In the early decades of modern computing – the 1960s and 1970s – only the largest corporations and governmental agencies had access to computers of any kind (think IBM, NASA, DoD, etc.). Computers were too large, too challenging to maintain, and required too much specialized knowledge to use effectively for the vast majority of companies, much less individuals, to leverage. The advent of Intel’s 8088 processor, and its adoption by IBM into one of the first true mass-market personal computers (and yes, other incredibly influential systems that used different processors, such as the Apple II and the Commodore 64), heralded the first wave of democratizing access to computational technology; it was now possible for a wide range of businesses, schools, and consumers to exploit the potential of such devices.

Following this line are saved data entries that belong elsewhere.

Lemma LK_in_S (G D : form At -> Prop) : cderiv G D -> derivS Th E (embset G) (embset D).
Proof.
  induction 1.
  - apply (rule_id (S_calculus Th E) (p := emb p)); embsets.
  - eapply dS_weak; [apply dS_bot|embsets|embsets].
  - eapply dS_weak; [apply dS_top|embsets|embsets].
  - weaken_from IHcderiv.
  - eapply dS_weak; [apply (dS_negL (G := embset G) (D := embset D) (a := emb a))|embsets|embsets].
    weaken_from IHcderiv.
  - eapply dS_weak; [apply (dS_negR (G := embset G) (D := embset D) (a := emb a))|embsets|embsets].
    weaken_from IHcderiv.
  - eapply dS_weak; [apply (dS_andL (G := embset G) (D := embset D) (a := emb a) (b := emb b))|embsets|embsets].
    weaken_from IHcderiv.
  - eapply dS_weak; [apply (dS_andR (G := embset G) (D := embset D) (a := emb a) (b := emb b))|embsets|embsets];
    [weaken_from IHcderiv1 | weaken_from IHcderiv2].
  - eapply dS_weak; [apply (dS_orL (G := embset G) (D := embset D) (a := emb a) (b := emb b))|embsets|embsets];
    [weaken_from IHcderiv1 | weaken_from IHcderiv2].
  - eapply dS_weak; [apply (dS_orR (G := embset G) (D := embset D) (a := emb a) (b := emb b))|embsets|embsets].
    weaken_from IHcderiv.
  - eapply dS_weak; [apply (dS_impL (G := embset G) (D := embset D) (a := emb a) (b := emb b))|embsets|embsets];
    [weaken_from IHcderiv1 | weaken_from IHcderiv2].
  - eapply dS_weak; [apply (dS_impR (G := embset G) (D := embset D) (a := emb a) (b := emb b))|embsets|embsets].
    weaken_from IHcderiv.
  - eapply dS_weak; [apply (dS_cut (G := embset G) (D := embset D) (G' := embset G') (D' := embset D') (p := emb p))|embsets|embsets];
    [weaken_from IHcderiv1 | weaken_from IHcderiv2].
Qed.

(* Sigma ∩ L is a model: it is LK-consistent because LK embeds into S_Theta,
   and it decides every formula because Sigma does. *)
Lemma restriction_is_model (Sg : mform At -> Prop) :
  box_maximal Th E Sg -> is_model (restrictL Sg).
Proof.
  intros HSg. apply (deciding_maximal (C := LK At)).
  - intro D. apply (proj1 HSg).
    eapply dS_weak; [apply (LK_in_S D)|unfold restrictL; embsets|embsets].
  - intro f. unfold restrictL. destruct (classic (Sg (emb f))) as [Hf|Hf]; [left; exact Hf|right].
    exact (proj2 (max_neg (C := S_calculus Th E) HSg (emb f)) Hf).
Qed.

Fixpoint sat (m : form At -> Prop) (x : mform At) : Prop :=
  match x with
  | MVar a => m (Var a)
  | MBot => False
  | MTop => True
  | MNeg a => ~ sat m a
  | MAnd a b => sat m a /\ sat m b
  | MOr a b => sat m a \/ sat m b
  | MImp a b => sat m a -> sat m b
  | MBox p => exists S, in_theory Th S /\ E (map snd S) p /\ m (bigconj (map fst S))
  end.

Lemma sat_ext (m1 m2 : form At -> Prop) : (forall f, m1 f <-> m2 f) ->
  forall x, sat m1 x <-> sat m2 x.
Proof.
  intros H; induction x; simpl; try tauto.
  - apply H.
  - split; intros [S [A [B C]]]; exists S; repeat split; auto; apply H; auto.
Qed.

Section Model.
Variables (m : form At -> Prop) (Hm : is_model m).
Let Hmax : maximal_consistent (LK At) m := Hm.

Lemma sat_emb f : sat m (emb f) <-> m f.
Proof.
  induction f; simpl.
  - tauto.
  - split; [contradiction|intro B; exact (max_bot Hmax B)].
  - split; [intros _; exact (max_top Hmax)|tauto].
  - rewrite IHf. symmetry. exact (max_neg Hmax f).
  - rewrite IHf1, IHf2. symmetry. exact (max_and Hmax f1 f2).
  - rewrite IHf1, IHf2. symmetry. exact (max_or Hmax f1 f2).
  - rewrite IHf1, IHf2. symmetry. exact (max_imp Hmax f1 f2).
Qed.

Lemma model_bigconj l f : m (bigconj l) -> In f l -> m f.
Proof.
  revert f. induction l as [|x [|y ys] IH]; intros f B I; simpl in I.
  - contradiction.
  - destruct I as [<-|[]]. exact B.
  - apply (max_and Hmax x (bigconj (y :: ys))) in B as [B1 B2].
    destruct I as [<-|I]; auto.
Qed.

Definition refutes (G D : mform At -> Prop) : Prop :=
  (forall g, G g -> sat m g) /\ (forall d, D d -> ~ sat m d).

Ltac split_sadd_hyps :=
  repeat match goal with
  | H : forall x, @?A x \/ x = ?a -> @?P x |- _ =>
      let H1 := fresh H in let H2 := fresh H in
      pose proof (fun x hx => H x (or_introl hx)) as H1;
      pose proof (H a (or_intror eq_refl)) as H2; clear H; cbv beta in H1, H2; simpl in H2
  | H : forall x, x = ?a -> @?P x |- _ => specialize (H a eq_refl); simpl in H
  end.

Ltac refute_premise :=
  match goal with IH : ~ (_ /\ _) |- _ =>
    apply IH; split; intros y Hy; repeat destruct Hy as [Hy|Hy]; subst; simpl;
    solve [tauto | eauto]
  end.

(* For the
   Boolean rules a refutation of the conclusion yields one of a premise; the
   Box rules use that the model agrees with its extension on L. *)
Lemma sat_sound (G D : mform At -> Prop) : derivS Th E G D -> ~ refutes G D.
Proof.
  unfold refutes. induction 1; intros [HG HD];
    unfold ssub, sadd, sunion, ssing, sempty, slist in *; split_sadd_hyps.
  all: try solve [ try destruct (classic (sat m a)); try destruct (classic (sat m b));
    try destruct (classic (sat m p)); solve [tauto | refute_premise] ].
  - (* Box R *)
    apply IHderivS. split; [exact HG|]. intros d [Dd| ->]; [exact (HD0 d Dd)|].
    rewrite sat_emb. intro Hb. apply HD1. exists S. auto.
  - (* Box L *)
    destruct HG1 as [S [HS [HES Hb]]].
    match goal with IHprem : forall S, in_theory Th S -> _ -> ~ _ |- _ =>
      apply (IHprem S HS HES) end.
    split; [|exact HD].
    intros g [Gg|Ig]; [exact (HG0 g Gg)|].
    apply in_map_iff in Ig as [r [<- Ir]].
    apply sat_emb. apply (model_bigconj Hb). apply in_map. exact Ir.
Qed.

Lemma sat_box_maximal : box_maximal Th E (sat m).
Proof.
  apply (deciding_maximal (C := S_calculus Th E)).
  - intro D. apply (sat_sound D). split; [exact (fun g Hg => Hg)|intros d []].
  - intro x. apply classic.
Qed.

End Model.

Lemma bigconj_derivable (l : list (form At)) :
  derivS Th E (slist (map emb l)) (ssing (emb (bigconj l))).
Proof.
  induction l as [|x [|y ys] IH].
  - eapply dS_weak; [apply dS_top|sets|sets].
  - apply (rule_id (S_calculus Th E) (p := emb x)); sets.
  - change (emb (bigconj (x :: y :: ys))) with (MAnd (emb x) (emb (bigconj (y :: ys)))).
    eapply dS_weak; [apply (dS_andR (G := slist (map emb (x :: y :: ys))) (D := sempty))|sets|sets].
    + apply (rule_id (S_calculus Th E) (p := emb x)); sets.
    + eapply dS_weak; [apply IH|simpl; sets|sets].
Qed.

Section BoxMaximal.
Variables (Sg : mform At -> Prop) (HSg : box_maximal Th E Sg).
Let Hmax : maximal_consistent (S_calculus Th E) Sg := HSg.

(* A maximal set contains Box p exactly when it contains the bodies of finitely
   many rules whose heads yield p: one direction is Box R, the other Box L
   together with the derivability of a conjunction from its conjuncts. *)
Lemma maximal_box p :
  Sg (MBox p) <-> exists S, in_theory Th S /\ E (map snd S) p /\ Sg (emb (bigconj (map fst S))).
Proof.
  split.
  - intro B. apply NNPP; intro N.
    apply (max_no_refutation Hmax (G := sadd Sg (MBox p))); [|sets].
    apply dS_boxL. intros S HS HES.
    assert (Nb : ~ Sg (emb (bigconj (map fst S)))) by (intro Hb; apply N; exists S; auto).
    eapply dS_weak; [eapply (dS_cut (G := slist (map (fun r => emb (fst r)) S)) (D := sempty))| |].
    + eapply dS_weak; [apply (bigconj_derivable (map fst S))|rewrite map_map; sets|sets].
    + exact (max_outside Hmax Nb).
    + sets.
    + sets.
  - intros [S [HS [HES Hb]]].
    apply (max_closed Hmax (G := Sg)); [|sets].
    eapply dS_weak; [apply (dS_boxR (G := Sg) (D := sempty) p HS HES)|sets|sets].
    apply (rule_id (S_calculus Th E) (p := emb (bigconj (map fst S)))); sets.
Qed.

Lemma maximal_is_canonical x : Sg x <-> sat (restrictL Sg) x.
Proof.
  induction x; simpl.
  - reflexivity.
  - split; [exact (max_bot Hmax)|contradiction].
  - split; [tauto|intros _; exact (max_top Hmax)].
  - rewrite <- IHx. exact (max_neg Hmax x).
  - rewrite <- IHx1, <- IHx2. exact (max_and Hmax x1 x2).
  - rewrite <- IHx1, <- IHx2. exact (max_or Hmax x1 x2).
  - rewrite <- IHx1, <- IHx2. exact (max_imp Hmax x1 x2).
  - exact (maximal_box x).
Qed.

End BoxMaximal.

End CausalTheory.
Lemma sum_mul_delta p (f : 'I_p -> F) j : \sum_(j' < p) f j' * (j' == j)%:R = f j.
Proof. by rewrite (bigD1 j) //= eqxx mulr1 big1 ?addr0 // => k /negbTE->; rewrite mulr0. Qed.

Definition rslice n p (v : 'rV[F]_(n * p)) (j : 'I_p) : 'rV[F]_n :=
  \row_i v 0 (mxtens_index (i, j)).
Definition lslice n p (v : 'rV[F]_(n * p)) (i : 'I_n) : 'rV[F]_p :=
  \row_j v 0 (mxtens_index (i, j)).

Lemma rslice_mul n p (v : 'rV[F]_(n * p)) (A : 'M[F]_n) j :
  rslice (v *m (A *t (1%:M : 'M_p))) j = rslice v j *m A.
Proof.
apply/rowP => i'; rewrite !mxE sum_mxtens_index; apply: eq_bigr => i _; rewrite !mxE.
by under eq_bigr => j' _ do rewrite tensmxE mxE mulrA; rewrite sum_mul_delta.
Qed.

Lemma lslice_mul n p (v : 'rV[F]_(n * p)) (B : 'M[F]_p) i :
  lslice (v *m ((1%:M : 'M_n) *t B)) i = lslice v i *m B.
Proof.
apply/rowP => j'; rewrite !mxE sum_mxtens_index exchange_big; apply: eq_bigr => j _.
rewrite !mxE; under eq_bigr => i' _ do rewrite tensmxE mxE mulrCA mulrC.
by rewrite sum_mul_delta.
Qed.

Lemma rslice_sub r n s p (v : 'rV[F]_(n * p)) (A : 'M[F]_(r, n)) (B : 'M[F]_(s, p)) j :
  (v <= A *t B)%MS -> (rslice v j <= A)%MS.
Proof.
case/submxP => D ->; apply/submxP.
exists (\row_a \sum_(b < s) D 0 (mxtens_index (a, b)) * B b j).
apply/rowP => i; rewrite !mxE sum_mxtens_index; apply: eq_bigr => a _.
by rewrite !mxE mulr_suml; apply: eq_bigr => b _; rewrite tensmxE mulrA mulrAC.
Qed.

Lemma lslice_sub r n s p (v : 'rV[F]_(n * p)) (A : 'M[F]_(r, n)) (B : 'M[F]_(s, p)) i :
  (v <= A *t B)%MS -> (lslice v i <= B)%MS.
Proof.
case/submxP => D ->; apply/submxP.
exists (\row_b \sum_(a < r) D 0 (mxtens_index (a, b)) * A a i).
apply/rowP => j; rewrite !mxE sum_mxtens_index exchange_big; apply: eq_bigr => b _.
by rewrite !mxE mulr_suml; apply: eq_bigr => a _; rewrite tensmxE mulrA.
Qed.

Lemma rslice_eq0 n p (v : 'rV[F]_(n * p)) : (forall j, rslice v j = 0) -> v = 0.
Proof.
move=> v0; apply/rowP => k; case: (mxtens_indexP k) => i j.
by have /rowP/(_ i) := v0 j; rewrite !mxE.
Qed.

Lemma lslice_eq0 n p (v : 'rV[F]_(n * p)) : (forall i, lslice v i = 0) -> v = 0.
Proof.
move=> v0; apply/rowP => k; case: (mxtens_indexP k) => i j.
by have /rowP/(_ j) := v0 i; rewrite !mxE.
Qed.
(* An entry (prm, rep, s) certifies that i |-> s_i maps the table of rep
   isomorphically onto the table of prm. *)
Definition iso_certs : seq (pres_param * pres_param * seq nat) := [::
  ((0,1,0,0), (0,1,0,0), iota 0 27);
  ((1,1,0,0), (1,1,0,0), iota 0 27);
  ((2,1,0,0), (1,1,0,0), [:: 0; 2; 1; 3; 5; 4; 6; 8; 7; 9; 11; 10; 12; 14; 13; 15; 17; 16; 18; 20; 19; 21; 23; 22; 24; 26; 25]);
  ((0,0,0,0), (0,0,0,0), iota 0 27);
  ((0,0,0,1), (0,0,0,1), iota 0 27);
  ((0,0,0,2), (0,0,0,1), [:: 0; 1; 2; 9; 10; 11; 18; 19; 20; 3; 4; 5; 14; 12; 13; 22; 23; 21; 6; 7; 8; 16; 17; 15; 26; 24; 25]);
  ((0,0,1,0), (0,1,0,0), [:: 0; 3; 6; 1; 4; 7; 2; 5; 8; 9; 12; 15; 10; 13; 16; 11; 14; 17; 18; 21; 24; 19; 22; 25; 20; 23; 26]);
  ((0,0,1,1), (0,0,1,1), iota 0 27);
  ((0,0,1,2), (0,0,1,1), [:: 0; 1; 2; 6; 7; 8; 3; 4; 5; 9; 10; 11; 15; 16; 17; 12; 13; 14; 18; 19; 20; 24; 25; 26; 21; 22; 23]);
  ((0,0,2,0), (0,1,0,0), [:: 0; 3; 6; 2; 5; 8; 1; 4; 7; 9; 12; 15; 11; 14; 17; 10; 13; 16; 18; 21; 24; 20; 23; 26; 19; 22; 25]);
  ((0,0,2,1), (0,0,1,1), [:: 0; 2; 1; 6; 8; 7; 3; 5; 4; 9; 11; 10; 15; 17; 16; 12; 14; 13; 18; 20; 19; 24; 26; 25; 21; 23; 22]);
  ((0,0,2,2), (0,0,1,1), [:: 0; 2; 1; 3; 5; 4; 6; 8; 7; 9; 11; 10; 12; 14; 13; 15; 17; 16; 18; 20; 19; 21; 23; 22; 24; 26; 25]);
  ((1,0,0,0), (0,1,0,0), [:: 0; 9; 18; 1; 10; 19; 2; 11; 20; 3; 12; 21; 4; 13; 22; 5; 14; 23; 6; 15; 24; 7; 16; 25; 8; 17; 26]);
  ((1,0,0,1), (0,0,1,1), [:: 0; 1; 2; 18; 19; 20; 9; 10; 11; 3; 4; 5; 23; 21; 22; 13; 14; 12; 6; 7; 8; 25; 26; 24; 17; 15; 16]);
  ((1,0,0,2), (0,0,1,1), [:: 0; 1; 2; 9; 10; 11; 18; 19; 20; 3; 4; 5; 14; 12; 13; 22; 23; 21; 6; 7; 8; 16; 17; 15; 26; 24; 25]);
  ((1,0,1,0), (0,1,0,0), [:: 0; 15; 22; 1; 16; 23; 2; 17; 21; 3; 10; 25; 4; 11; 26; 5; 9; 24; 6; 13; 20; 7; 14; 18; 8; 12; 19]);
  ((1,0,1,1), (0,0,1,1), [:: 0; 1; 2; 21; 22; 23; 15; 16; 17; 3; 4; 5; 26; 24; 25; 11; 9; 10; 6; 7; 8; 20; 18; 19; 12; 13; 14]);
  ((1,0,1,2), (0,0,1,1), [:: 0; 1; 2; 15; 16; 17; 23; 21; 22; 3; 4; 5; 9; 10; 11; 24; 25; 26; 6; 7; 8; 14; 12; 13; 20; 18; 19]);
  ((1,0,2,0), (0,1,0,0), [:: 0; 12; 24; 1; 13; 25; 2; 14; 26; 3; 15; 19; 4; 16; 20; 5; 17; 18; 6; 10; 22; 7; 11; 23; 8; 9; 21]);
  ((1,0,2,1), (0,0,1,1), [:: 0; 1; 2; 24; 25; 26; 13; 14; 12; 3; 4; 5; 18; 19; 20; 17; 15; 16; 6; 7; 8; 23; 21; 22; 10; 11; 9]);
  ((1,0,2,2), (0,0,1,1), [:: 0; 1; 2; 12; 13; 14; 26; 24; 25; 3; 4; 5; 17; 15; 16; 19; 20; 18; 6; 7; 8; 11; 9; 10; 23; 21; 22]);
  ((2,0,0,0), (0,1,0,0), [:: 0; 9; 18; 2; 11; 20; 1; 10; 19; 3; 12; 21; 5; 14; 23; 4; 13; 22; 6; 15; 24; 8; 17; 26; 7; 16; 25]);
  ((2,0,0,1), (0,0,1,1), [:: 0; 2; 1; 9; 11; 10; 18; 20; 19; 3; 5; 4; 13; 12; 14; 23; 22; 21; 6; 8; 7; 17; 16; 15; 25; 24; 26]);
  ((2,0,0,2), (0,0,1,1), [:: 0; 2; 1; 18; 20; 19; 9; 11; 10; 3; 5; 4; 22; 21; 23; 14; 13; 12; 6; 8; 7; 26; 25; 24; 16; 15; 17]);
  ((2,0,1,0), (0,1,0,0), [:: 0; 12; 24; 2; 14; 26; 1; 13; 25; 3; 15; 20; 5; 17; 19; 4; 16; 18; 6; 11; 23; 8; 10; 22; 7; 9; 21]);
  ((2,0,1,1), (0,0,1,1), [:: 0; 2; 1; 12; 14; 13; 25; 24; 26; 3; 5; 4; 16; 15; 17; 20; 19; 18; 6; 8; 7; 10; 9; 11; 22; 21; 23]);
  ((2,0,1,2), (0,0,1,1), [:: 0; 2; 1; 24; 26; 25; 14; 13; 12; 3; 5; 4; 18; 20; 19; 16; 15; 17; 6; 8; 7; 22; 21; 23; 11; 10; 9]);
  ((2,0,2,0), (0,1,0,0), [:: 0; 15; 23; 2; 17; 22; 1; 16; 21; 3; 11; 26; 5; 10; 25; 4; 9; 24; 6; 14; 19; 8; 13; 18; 7; 12; 20]);
  ((2,0,2,1), (0,0,1,1), [:: 0; 2; 1; 15; 17; 16; 22; 21; 23; 3; 5; 4; 9; 11; 10; 24; 26; 25; 6; 8; 7; 13; 12; 14; 19; 18; 20]);
  ((2,0,2,2), (0,0,1,1), [:: 0; 2; 1; 21; 23; 22; 15; 17; 16; 3; 5; 4; 25; 24; 26; 10; 9; 11; 6; 8; 7; 19; 18; 20; 12; 14; 13])].

Lemma iso_certs_cover : all (fun prm => has (fun c =>
    [&& c.1.1 == prm, c.1.2 \in pres_reps &
        table_iso_cert 27 (pres_table c.1.2) (pres_table prm) c.2]) iso_certs)
  presentations.
Proof. by vm_compute. Qed.

Lemma pres_reps_cover : all (fun prm =>
  covers 27 10 [::] (map (table_candidate 27 (pres_table prm)) (iota 1 26))) pres_reps.
Proof. by vm_compute. Qed.

Theorem lemma2p6 (gT : finGroupType) : #|gT| = 27 -> is_cr gT 10.
Proof.
move=> cardG; split=> [|t crt]; last first.
  rewrite leqNgt; apply/negP => lt_t10.
  exact: (pgroup_not_cr_threshold (p := 3) (n := 2)) cardG (cr_thresholdW crt _).
have [prm prmP [F repF]] := order27_presentation cardG.
have /hasP[[[prm' rep] s] _ /and3P[/eqP/= eq_prm repP certP]] := allP iso_certs_cover prm prmP.
subst prm'; rewrite /= in certP repP.
have rep_lt i j (_ : i < 27) (_ : j < 27) := pres_table_lt rep i j.
apply: (table_cr_threshold (table_rep_cert rep_lt certP repF)).
exact: (allP pres_reps_cover _ repP).
Qed.
Lemma summable_sumR m (f : nat -> nat -> R) :
  (forall l, (l < m)%nat -> summable (fun k => f k l)) ->
  summable (fun k => sumR m (f k)).
Proof.
  induction m as [|m IH]; intros Hf.
  - exists 0. intros n. simpl. rewrite sumR_zero. lra.
  - destruct IH as [B1 H1]; [intros; apply Hf; lia|].
    destruct (Hf m ltac:(lia)) as [B2 H2]. exists (B1 + B2). intros n. simpl.
    rewrite sumR_plus. specialize (H1 n). specialize (H2 n). lra.
Qed.

Fixpoint count_upto (A : nat -> Prop) (n : nat) : nat :=
  match n with
  | O => O
  | S n' => (count_upto A n' + if excluded_middle_informative (A n') then 1 else 0)%nat
  end.

Lemma count_mono (A B : nat -> Prop) n :
  (forall j, (j < n)%nat -> A j -> B j) -> (count_upto A n <= count_upto B n)%nat.
Proof.
  induction n as [|n IH]; intros AB; simpl; [lia|].
  assert (count_upto A n <= count_upto B n)%nat by (apply IH; intros; apply AB; auto; lia).
  destruct (excluded_middle_informative (A n)) as [HA|];
    destruct (excluded_middle_informative (B n)) as [|HB]; try lia.
  exfalso; apply HB, AB; auto.
Qed.

Lemma count_strict (A B : nat -> Prop) n a :
  (forall j, (j < n)%nat -> A j -> B j) -> (a < n)%nat -> B a -> ~ A a ->
  (count_upto A n < count_upto B n)%nat.
Proof.
  induction n as [|n IH]; intros AB Ha HBa HAa; simpl; [lia|].
  assert (count_upto A n <= count_upto B n)%nat by (apply count_mono; intros; apply AB; auto).
  destruct (Nat.eq_dec a n) as [->|Hne].
  - destruct (excluded_middle_informative (A n));
      destruct (excluded_middle_informative (B n)); tauto || lia.
  - assert (count_upto A n < count_upto B n)%nat by (apply IH; auto; lia).
    destruct (excluded_middle_informative (A n)) as [HA|];
      destruct (excluded_middle_informative (B n)) as [|HB]; try lia.
    exfalso; apply HB, AB; auto.
Qed.

Lemma count_disjoint (A B : nat -> Prop) n :
  (forall j, (j < n)%nat -> A j -> B j -> False) ->
  (count_upto A n + count_upto B n <= n)%nat.
Proof.
  induction n as [|n IH]; intros disj; simpl; [lia|].
  assert (count_upto A n + count_upto B n <= n)%nat by (apply IH; eauto).
  destruct (excluded_middle_informative (A n));
    destruct (excluded_middle_informative (B n)); try lia.
  exfalso; eapply disj; eauto.
Qed.

Lemma count_pos (A : nat -> Prop) n a : (a < n)%nat -> A a -> (1 <= count_upto A n)%nat.
Proof.
  intros Ha HA. apply Nat.le_trans with (count_upto (fun j => j = a) n).
  - clear HA. induction n as [|n IH]; simpl; [lia|].
    destruct (excluded_middle_informative (n = a)); [lia|].
    assert (Han : (a < n)%nat) by lia. specialize (IH Han). lia.
  - apply count_mono. intros; subst; auto.
Qed.

Lemma crossing_edge (rel : nat -> nat -> Prop) (A : nat -> Prop) r v :
  clos_refl_trans nat rel r v -> ~ A r -> A v -> exists a b, rel a b /\ ~ A a /\ A b.
Proof.
  intros path. apply clos_rt_rt1n in path.
  induction path as [|x y z Hxy _ IH]; intros Hx Hz; [tauto|].
  destruct (classic (A y)); [exists x, y|]; auto.
Qed.

Fixpoint max_upto (n : nat) (f : nat -> R) : R :=
  match n with O => f O | S n' => Rmax (max_upto n' f) (f n) end.
Fixpoint min_upto (n : nat) (f : nat -> R) : R :=
  match n with O => f O | S n' => Rmin (min_upto n' f) (f n) end.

Thus began a perpetual race among businesses and institutions of all types to have the biggest, fastest, shiniest computer. After all, faster time-to-insight could provided a gigantic competitive advantage. Academic institutions as well started to build their own datacenters housing increasingly powerful systems, in a bid to attract the best and brightest researchers. Understandably, certain names became leaders: Cal Tech, Princeton, Harvard, and indeed nearly every “R1” school. Truly powerful computational technology was once again gated, but this time much of it was sequestered within the Ivory Tower of academia.
Such was the case for a few decades. Recently, however, the availability of cloud computing made the promise that anyone, no matter where you worked, could leverage almost unlimited computing resources. It no longer mattered – or so we were told – whether you were a researchers at Rutgers, or at Swarthmore, or at <insert school here>. Now you, too, could research the same questions anyone else could. This was supposed to “democratize” research and level the playing field, as it were.
Did this work? Has this lofty promise been fulfilled? Well, yes, and no. It is true that cloud computing is reasonably available to nearly anyone, from nearly anywhere. But it remains comparatively expensive for all but the most relatively trivial use cases (Do you need, e.g., large persistent storage, fancy GPUs, or long run times? Break out the checkbook.) Even “free” national supercomputing resources (such as ACCESS) have limitations and a learning curve such that those without some kind of local support might feel overwhelmed.
This means that – for now – local resources are still “king.” We are incredibly lucky at Swarthmore to have Strelka as a resource for teaching, learning, and research. Members of our community can indeed conduct research, pursue projects, and deploy pedagogical strategies that were not possible here even a few years ago, and that remain sadly out of reach for many other institutions.
Where is this headed? It’s hard to say. The promise of quantum computing, for example, is immense, but I believe this is an inflection point, much like where we were in the 1950s and 1960s. Once more, only the world’s top agencies, companies, and governments will even have such systems, at least for some amount of time (don’t expect to see a quantum computer at Swarthmore in the near future!). Perhaps cloud computing will ultimately succumb to an economy of scale, meaning we won’t need to house a computing cluster locally (and all the related infrastructure, such as a datacenter). Whatever happens, the path ahead is certainly not boring!